Nonsmoking Women Married to Smokers Face No Increase in Breast Cancer Mortality
10/17/00
A large new study reports that nonsmoking women married to smoking men do not have an increased risk of dying of breast cancer, a finding that contradicts the results of earlier studies.
Daniel Wartenberg, Ph.D., Environmental and Occupational Health Sciences Institute, Piscataway, N.J., and colleagues analyzed data from a major prospective study conducted by the American Cancer Society. They found that the breast cancer death rate for nonsmoking women whose husbands smoked was nearly identical to that for nonsmoking women whose husbands did not smoke. These results disagree with previous studies that reported an increase in breast cancer risk among women exposed to environmental tobacco smoke (ETS). However, the authors note that the prospective design, the large number of women involved, and the reporting of ETS exposure by both spouses give credence to the current study. These results appear in the October 18 issue of the Journal of the National Cancer Institute.
The study involved never-smoking married women who were selected from a prospective mortality study of about 1.2 million U.S. men and women begun by the American Cancer Society in 1982. This group of 146,488 women is a convenience sample from all 50 states, the District of Columbia, and Puerto Rico. The median age of the female study participants in 1982 was 56 years, and 75% of the women were between the ages of 45 and 70 years.
All participants completed a mailed confidential questionnaire, and exposure to ETS was defined in two ways. The primary analyses defined exposure to ETS as active smoking by the spouse as reported in his questionnaire and considered both amount and duration of spousal smoking. A second definition of ETS exposure was derived directly from each woman’s report of the number of hours per day that she was "exposed to the smoke of others" at home, at work, and elsewhere.
The vital status of study participants was determined from the month of enrollment through December 31, 1994, using two approaches. Volunteers made personal inquiries in September 1984, 1986, and 1988 to determine whether enrollees were alive or deceased, and status through the end of 1994 was determined through automated linkage using the National Death Index.

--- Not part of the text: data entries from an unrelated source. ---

(* Let $\mathcal{B}$ be a $\sigma$-algebra on a nonempty set $E$. Every $\sigma$-maxitive measure of bounded variation on $\mathcal{B}$ is finite and essential.
   Context: A $\sigma$-maxitive measure on $\mathcal{B}$ is a map $\nu:\mathcal{B}\to[0,\infty]$ with $\nu(\emptyset)=0$, $\nu(B\cup B')=\max(\nu(B),\nu(B'))$ for all $B,B'\in\mathcal{B}$, and $\nu(\bigcup_nB_n)=\lim_n\nu(B_n)$ for every nondecreasing sequence $(B_n)$ in $\mathcal{B}$. It is of bounded variation if $|\nu|:=\sup_\pi\sum_{B\in\pi}\nu(B)<\infty$, the supremum being over all finite partitions $\pi$ of $E$ into elements of $\mathcal{B}$. It is finite if $\nu(B)<\infty$ for all $B\in\mathcal{B}$, and essential if there is a $\sigma$-finite $\sigma$-additive measure $m$ on $\mathcal{B}$ with $\nu(B)>0\iff m(B)>0$ for all $B\in\mathcal{B}$. *)

From HB Require Import structures.
From mathcomp Require Import all_boot all_order all_algebra.
From mathcomp Require Import all_classical all_reals all_analysis.
Set Implicit Arguments. Unset Strict Implicit. Unset Printing Implicit Defensive.
Import Order.TTheory GRing.Theory Num.Theory.
Local Open Scope classical_set_scope.
Local Open Scope ring_scope.
Local Open Scope ereal_scope.

Section maxitive.
Context d (T : measurableType d) (R : realType).
Implicit Types nu : set T -> \bar R.

Definition smax_sigma_maxitive nu : Prop :=
  [/\ (forall B, measurable B -> 0 <= nu B),
      nu set0 = 0,
      (forall B B', measurable B -> measurable B' ->
          nu (B `|` B') = maxe (nu B) (nu B')) &
      (forall B : nat -> set T, (forall n, measurable (B n)) ->
          {homo B : n m / (n <= m)%N >-> n `<=` m} ->
          (nu \o B) @ \oo --> nu (\bigcup_n B n))].

Definition smax_partition (n : nat) (F : nat -> set T) : Prop :=
  [/\ (forall i, (i < n)%N -> measurable (F i)),
      trivIset `I_n F &
      \bigcup_(i in `I_n) F i = [set: T]].

Definition smax_variation nu : \bar R :=
  ereal_sup [set s | exists n F, smax_partition n F /\
                      s = \sum_(i < n) nu (F i)].

Definition smax_bounded_variation nu : Prop := smax_variation nu < +oo.

Definition smax_finite nu : Prop :=
  forall B, measurable B -> nu B < +oo.

Definition smax_essential nu : Prop :=
  exists m : {measure set T -> \bar R}, sigma_finite [set: T] m /\
    forall B, measurable B -> (0 < nu B <-> 0 < m B).
End maxitive.

(* The variation of nu on a set B, i.e. the supremum of the sums of nu over
   finite disjoint families of measurable subsets of B, is a sigma-additive
   measure: additivity because nu is monotone and subadditive, sigma-
   subadditivity because sigma-maxitivity makes nu countably subadditive.
   Its total mass is at most the total variation |nu| < +oo, so it and the
   smaller nu are finite; and it has the same null sets as nu, since nu B = 0
   forces nu to vanish on every measurable subset of B. *)

From HB Require Import structures.
From mathcomp Require Import all_boot all_order all_algebra.
From mathcomp Require Import all_classical all_reals all_analysis.
Set Implicit Arguments. Unset Strict Implicit. Unset Printing Implicit Defensive.
Import Order.TTheory GRing.Theory Num.Theory.
Local Open Scope classical_set_scope.
Local Open Scope ring_scope.
Local Open Scope ereal_scope.

Section disjoint_subfamily.
Context d (T : measurableType d).

Definition disjoint_subfamily (B : set T) (n : nat) (F : nat -> set T) :=
  (forall i, (i < n)%N -> measurable (F i) /\ F i `<=` B) /\ trivIset `I_n F.

Lemma disjoint_subfamilyS A B n F : A `<=` B ->
  disjoint_subfamily A n F -> disjoint_subfamily B n F.
Proof.
move=> AB [mF tF]; split => // i ilt.
by have [mFi FiA] := mF i ilt; split => //; apply: subset_trans AB.
Qed.

Lemma disjoint_subfamilyI B C n F : measurable C ->
  disjoint_subfamily B n F -> disjoint_subfamily C n (fun i => F i `&` C).
Proof.
move=> mC [mF tF]; split => [i ilt|i j Ii Ij [x [[Fix _] [Fjx _]]]].
  by have [mFi _] := mF i ilt; split; [exact: measurableI | exact: subIsetr].
by apply: tF => //; exists x.
Qed.

Lemma disjoint_subfamily_cat A B n k F G : A `&` B = set0 ->
  disjoint_subfamily A n F -> disjoint_subfamily B k G ->
  disjoint_subfamily (A `|` B) (k + n)
    (fun i => if (i < k)%N then G i else F (i - k)%N).
Proof.
move=> AB0 [mF tF] [mG tG].
have ltn_subk i : (i < k + n)%N -> ~~ (i < k)%N -> (i - k < n)%N.
  by move=> ilt; rewrite -leqNgt => ki; rewrite ltn_subLR.
have AB x : A x -> B x -> False.
  by move=> Ax Bx; have : (A `&` B) x by []; rewrite AB0.
split => [i ilt|i j /= ilt jlt [x []]].
  case: ifPn => ik.
    by have [mGi GiB] := mG i ik; split=> // ? /GiB; right.
  by have [mFi FiA] := mF _ (ltn_subk i ilt ik); split=> // ? /FiA; left.
case: ifPn => ik; case: ifPn => jk.
- by move=> Gix Gjx; apply: tG => //; exists x.
- by move=> /(mG i ik).2 Bx /(mF _ (ltn_subk j jlt jk)).2 /AB.
- by move=> /(mF _ (ltn_subk i ilt ik)).2 /AB + /(mG j jk).2.
- move=> Fix Fjx; have e : (i - k = j - k)%N.
    by apply: tF; [exact: ltn_subk | exact: ltn_subk | exists x].
  by move: ik jk; rewrite -!leqNgt => ki kj; rewrite -(subnK ki) -(subnK kj) e.
Qed.

Lemma disjoint_subfamily_partition n F : disjoint_subfamily [set: T] n F ->
  smax_partition n.+1
    (fun i => if (i < n)%N then F i else ~` \big[setU/set0]_(j < n) F j).
Proof.
move=> [mF tF]; set U := \big[setU/set0]_(j < n) F j.
have Fsub i : (i < n)%N -> F i `<=` U by move=> ilt; apply: bigsetU_sup.
split => [i _|i j /= ilt jlt [x []]|].
- case: ifP => [ilt|_]; first by have [] := mF i ilt.
  apply: measurableC; apply: bigsetU_measurable => j _.
  by have [] := mF j (ltn_ord j).
- case: ifPn => ik; case: ifPn => jk.
  + by move=> Fix Fjx; apply: tF => //; exists x.
  + by move=> Fix /(_ (Fsub i ik x Fix)).
  + by move=> /(_ (Fsub j jk x _)) + Fjx => /(_ Fjx).
  + move=> _ _; apply/eqP.
    by rewrite eqn_leq (leq_trans (ltnSE ilt)) 1?(leq_trans (ltnSE jlt))
      // leqNgt.
- apply/seteqP; split => // x _; have [|nUx] := pselect (U x).
    rewrite /U -bigcup_mkord => -[j /= jlt Fjx].
    by exists j => /=; [exact: ltnW | rewrite jlt].
  by exists n => //=; rewrite ltnn.
Qed.

End disjoint_subfamily.

Section maxitive_set_function.
Context d (T : measurableType d) (R : realType) (nu : set T -> \bar R).
Hypothesis nu_ge0 : forall B, measurable B -> 0 <= nu B.
Hypothesis nu0 : nu set0 = 0.
Hypothesis nuU : forall A B, measurable A -> measurable B ->
  nu (A `|` B) = maxe (nu A) (nu B).

Lemma le_maxitive A B : measurable A -> measurable B -> A `<=` B ->
  nu A <= nu B.
Proof.
move=> mA mB AB; rewrite -(setDUK AB) nuU //; last exact: measurableD.
by rewrite le_max lexx.
Qed.

Lemma maxitiveU_le A B : measurable A -> measurable B ->
  nu (A `|` B) <= nu A + nu B.
Proof.
move=> mA mB; rewrite nuU // ge_max.
by rewrite leeDl ?leeDr ?nu_ge0.
Qed.

Lemma maxitive_bigsetU_le (F : nat -> set T) n : (forall i, measurable (F i)) ->
  nu (\big[setU/set0]_(i < n) F i) <= \sum_(i < n) nu (F i).
Proof.
move=> mF; elim: n => [|n IH]; first by rewrite !big_ord0 nu0.
rewrite !big_ord_recr /=; apply: le_trans (maxitiveU_le _ _) _ => //.
  exact: bigsetU_measurable.
exact: leeD2r.
Qed.

Hypothesis nu_cvg : forall B : nat -> set T, (forall n, measurable (B n)) ->
  {homo B : n m / (n <= m)%N >-> n `<=` m} ->
  (nu \o B) @ \oo --> nu (\bigcup_n B n).

Lemma sigma_maxitive_le_nneseries (H : set T) (F : nat -> set T) :
  measurable H -> (forall n, measurable (F n)) -> H `<=` \bigcup_n F n ->
  nu H <= \sum_(n <oo) nu (H `&` F n).
Proof.
move=> mH mF HF; pose G n := H `&` F n.
have mG n : measurable (G n) by apply: measurableI.
pose C N := \big[setU/set0]_(n < N.+1) G n.
have mC N : measurable (C N) by apply: bigsetU_measurable.
have C_homo : {homo C : n m / (n <= m)%N >-> n `<=` m}.
  by move=> n m nm; apply: subset_bigsetU.
have CH : \bigcup_n C n = H.
  by rewrite bigcup_bigsetU_bigcup -setI_bigcupr; apply/setIidl.
have nuC : (nu \o C) @ \oo --> nu H by rewrite -CH; exact: nu_cvg.
rewrite -(cvg_lim _ nuC) //; apply: lime_le; first exact: cvgP nuC.
apply: nearW => N; apply: le_trans (maxitive_bigsetU_le _ mG) _.
rewrite -(big_mkord xpredT (fun i => nu (G i))).
by apply: nneseries_lim_ge => i _ _; apply: nu_ge0.
Qed.

End maxitive_set_function.

Section variation_on.
Context d (T : measurableType d) (R : realType) (nu : set T -> \bar R).

(* Disjoint families rather than partitions of B, so that [variation_on B] is
   nonnegative for every B, measurable or not, as a content must be. *)
Definition variation_on (B : set T) : \bar R :=
  ereal_sup [set s | exists n F, disjoint_subfamily B n F /\
                                 s = \sum_(i < n) nu (F i)].

Lemma variation_on_ub B n F : disjoint_subfamily B n F ->
  \sum_(i < n) nu (F i) <= variation_on B.
Proof. by move=> BF; apply: ereal_sup_ubound; exists n, F. Qed.

Lemma variation_on_ge0 B : 0 <= variation_on B.
Proof.
by have := @variation_on_ub B 0 (fun=> set0); rewrite big_ord0; apply.
Qed.

Lemma le_variation_on A B : A `<=` B -> variation_on A <= variation_on B.
Proof.
move=> AB; apply: ge_ereal_sup => _ [n [F [AF ->]]].
exact/variation_on_ub/(disjoint_subfamilyS AB).
Qed.

Lemma le_variation_on_measurable B : measurable B -> nu B <= variation_on B.
Proof.
move=> mB; have := @variation_on_ub B 1 (fun=> B); rewrite big_ord1; apply.
by split => [i _|i j /=]; [split | rewrite !ltnS !leqn0 => /eqP -> /eqP ->].
Qed.

Hypothesis nu_ge0 : forall B, measurable B -> 0 <= nu B.

Lemma variation_on_setT : variation_on [set: T] <= smax_variation nu.
Proof.
apply: ge_ereal_sup => _ [n [F [TF ->]]].
have TG := disjoint_subfamily_partition TF.
apply: le_trans
  (ereal_sup_ubound (ex_intro _ n.+1 (ex_intro _ _ (conj TG erefl)))).
rewrite big_ord_recr /= ltnn; apply: le_trans (leeDl _ _).
  by apply: lee_sum => i _; rewrite ltn_ord.
by apply: nu_ge0; have [mG _ _] := TG; have := mG n (ltnSn n); rewrite ltnn.
Qed.

Hypothesis nu0 : nu set0 = 0.

Lemma variation_on0 : variation_on set0 = 0.
Proof.
apply/le_anti; rewrite variation_on_ge0 andbT.
apply: ge_ereal_sup => _ [n [F [[F0 _] ->]]].
by rewrite big1 // => i _; have [_] := F0 i (ltn_ord i); rewrite subset0 => ->.
Qed.

Hypothesis nuU : forall A B, measurable A -> measurable B ->
  nu (A `|` B) = maxe (nu A) (nu B).

Lemma variation_onU_le A B : measurable A -> measurable B ->
  variation_on (A `|` B) <= variation_on A + variation_on B.
Proof.
move=> mA mB; apply: ge_ereal_sup => _ [n [F [ABF ->]]].
have [mF _] := ABF.
apply: (@le_trans _ _ (\sum_(i < n) (nu (F i `&` A) + nu (F i `&` B)))).
  apply: lee_sum => i _; have [mFi FiAB] := mF i (ltn_ord i).
  rewrite -{1}(setIidl FiAB) setIUr.
  by apply: maxitiveU_le => //; apply: measurableI.
rewrite big_split; apply: leeD;
  by apply: (variation_on_ub (disjoint_subfamilyI _ ABF)).
Qed.

Lemma variation_on_gt0 B : measurable B -> (0 < variation_on B) = (0 < nu B).
Proof.
move=> mB; apply/idP/idP => [|nuB]; last first.
  exact: lt_le_trans nuB (le_variation_on_measurable mB).
apply: contraTT; rewrite -!leNgt => nuB0.
apply: ge_ereal_sup => _ [n [F [[BF _] ->]]]; apply: sume_le0 => i _.
have [mFi FiB] := BF i (ltn_ord i).
exact: le_trans (le_maxitive nuU mFi mB FiB) nuB0.
Qed.

Hypothesis nu_bv : smax_bounded_variation nu.

Lemma variation_on_lty B : variation_on B < +oo.
Proof.
exact: le_lt_trans (le_variation_on (@subsetT _ B))
                   (le_lt_trans variation_on_setT nu_bv).
Qed.

Lemma variation_on_fin_num B : variation_on B \is a fin_num.
Proof. by rewrite ge0_fin_numE ?variation_on_ge0 ?variation_on_lty. Qed.

Lemma disjoint_subfamily_sum_fin_num B n F : disjoint_subfamily B n F ->
  \sum_(i < n) nu (F i) \is a fin_num.
Proof.
move=> BF; rewrite ge0_fin_numE.
  exact: le_lt_trans (variation_on_ub BF) (variation_on_lty B).
apply: sume_ge0 => i _; apply: nu_ge0; have [mF _] := BF.
exact: (mF i (ltn_ord i)).1.
Qed.

Lemma variation_onU_ge A B : A `&` B = set0 ->
  variation_on A + variation_on B <= variation_on (A `|` B).
Proof.
move=> AB0; rewrite -leeBrDr ?variation_on_fin_num //.
apply: ge_ereal_sup => _ [n [F [AF ->]]].
rewrite leeBrDr ?variation_on_fin_num // addeC.
rewrite -leeBrDr ?(disjoint_subfamily_sum_fin_num AF) //.
apply: ge_ereal_sup => _ [k [G [BG ->]]].
rewrite leeBrDr ?(disjoint_subfamily_sum_fin_num AF) //.
have := variation_on_ub (disjoint_subfamily_cat AB0 AF BG).
rewrite big_split_ord /= (eq_bigr (fun i : 'I_k => nu (G i))) => [|i _].
  by rewrite (eq_bigr (fun i : 'I_n => nu (F i))) => // i _;
    rewrite ltnNge leq_addr addKn.
by rewrite ltn_ord.
Qed.

Hypothesis nu_cvg : forall B : nat -> set T, (forall n, measurable (B n)) ->
  {homo B : n m / (n <= m)%N >-> n `<=` m} ->
  (nu \o B) @ \oo --> nu (\bigcup_n B n).

Lemma variation_on_sigma_subadditive :
  measurable_subset_sigma_subadditive variation_on.
Proof.
move=> A F mF mA AF; apply: ge_ereal_sup => _ [k [H [AH ->]]].
have [mH _] := AH.
have mHF i n : (i < k)%N -> measurable (H i `&` F n).
  by move=> ik; apply: measurableI => //; exact: (mH i ik).1.
apply: (@le_trans _ _ (\sum_(i < k) \sum_(n <oo) nu (H i `&` F n))).
  apply: lee_sum => i _; have [mHi HiA] := mH i (ltn_ord i).
  by apply: sigma_maxitive_le_nneseries => //; apply: subset_trans HiA AF.
rewrite -nneseries_sum => [|n i _]; last exact/nu_ge0/mHF.
apply: lee_nneseries => [n _ _|n _].
  by apply: sume_ge0 => i _; exact/nu_ge0/mHF.
exact: (variation_on_ub (disjoint_subfamilyI _ AH)).
Qed.

End variation_on.

Section variation_measure.
Context d (T : measurableType d) (R : realType) (nu : set T -> \bar R).
Hypotheses (nu_smax : smax_sigma_maxitive nu)
           (nu_bv : smax_bounded_variation nu).

(* The hypotheses are arguments only so that the measure instance below can be
   keyed on [variation_measure nu_smax nu_bv]. *)
Definition variation_measure of smax_sigma_maxitive nu &
  smax_bounded_variation nu := variation_on nu.

Let nu_ge0 : forall B, measurable B -> 0 <= nu B.
Proof. by case: nu_smax. Qed.

Let nu0 : nu set0 = 0.
Proof. by case: nu_smax. Qed.

Let nuU : forall A B, measurable A -> measurable B ->
  nu (A `|` B) = maxe (nu A) (nu B).
Proof. by case: nu_smax. Qed.

Let nu_cvg : forall B : nat -> set T, (forall n, measurable (B n)) ->
  {homo B : n m / (n <= m)%N >-> n `<=` m} ->
  (nu \o B) @ \oo --> nu (\bigcup_n B n).
Proof. by case: nu_smax. Qed.

Let variation_measure_additive2 : additive2 (variation_measure nu_smax nu_bv).
Proof.
move=> A B mA mB AB0; apply/le_anti.
by rewrite variation_onU_le // variation_onU_ge.
Qed.

Let variation_measure_semi_additive :
  measure_function.semi_additive (variation_measure nu_smax nu_bv).
Proof. exact/(additive2P (variation_on0 nu0))/variation_measure_additive2. Qed.

HB.instance Definition _ := isContent.Build d T R
  (variation_measure nu_smax nu_bv) (@variation_on_ge0 _ _ _ nu)
  variation_measure_semi_additive.

HB.instance Definition _ := Content_SigmaSubAdditive_isMeasure.Build _ _ _
  (variation_measure nu_smax nu_bv)
  (variation_on_sigma_subadditive nu_ge0 nu0 nuU nu_cvg).

End variation_measure.

Theorem proposition3p5 (d : measure_display) (T : measurableType d)
  (R : realType) (nu : set T -> \bar R) :
  [set: T] !=set0 ->
  smax_sigma_maxitive nu -> smax_bounded_variation nu ->
  smax_finite nu /\ smax_essential nu.
Proof.
move=> _ nu_smax nu_bv; have [nu_ge0 _ nuU _] := nu_smax.
pose mu := variation_measure nu_smax nu_bv.
have mu_lty B : mu B < +oo by exact: variation_on_lty.
split=> [B mB|].
  exact: le_lt_trans (le_variation_on_measurable _ mB) (mu_lty B).
exists mu; split=> [|B mB]; last by rewrite (variation_on_gt0 nuU mB).
by apply: fin_num_fun_sigma_finite => // B _; rewrite ge0_fin_numE ?measure_ge0.
Qed.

After 12 years of follow-up, 669 deaths due to breast cancer were observed among the 146,488 never-smoking married women who were cancer free at study entry. However, breast cancer mortality rates did not differ significantly among never-smoking women married to nonsmokers, former smokers, or current smokers. Also, the breast cancer mortality rates did not show a statistically significant increase with the number of packs of cigarettes smoked by the spouse, the duration of spousal smoking, or the pack-years of smoking. The authors did find data suggesting that women married before age 20 years to smokers may be at increased risk of dying of breast cancer, and they note that this observation warrants follow-up.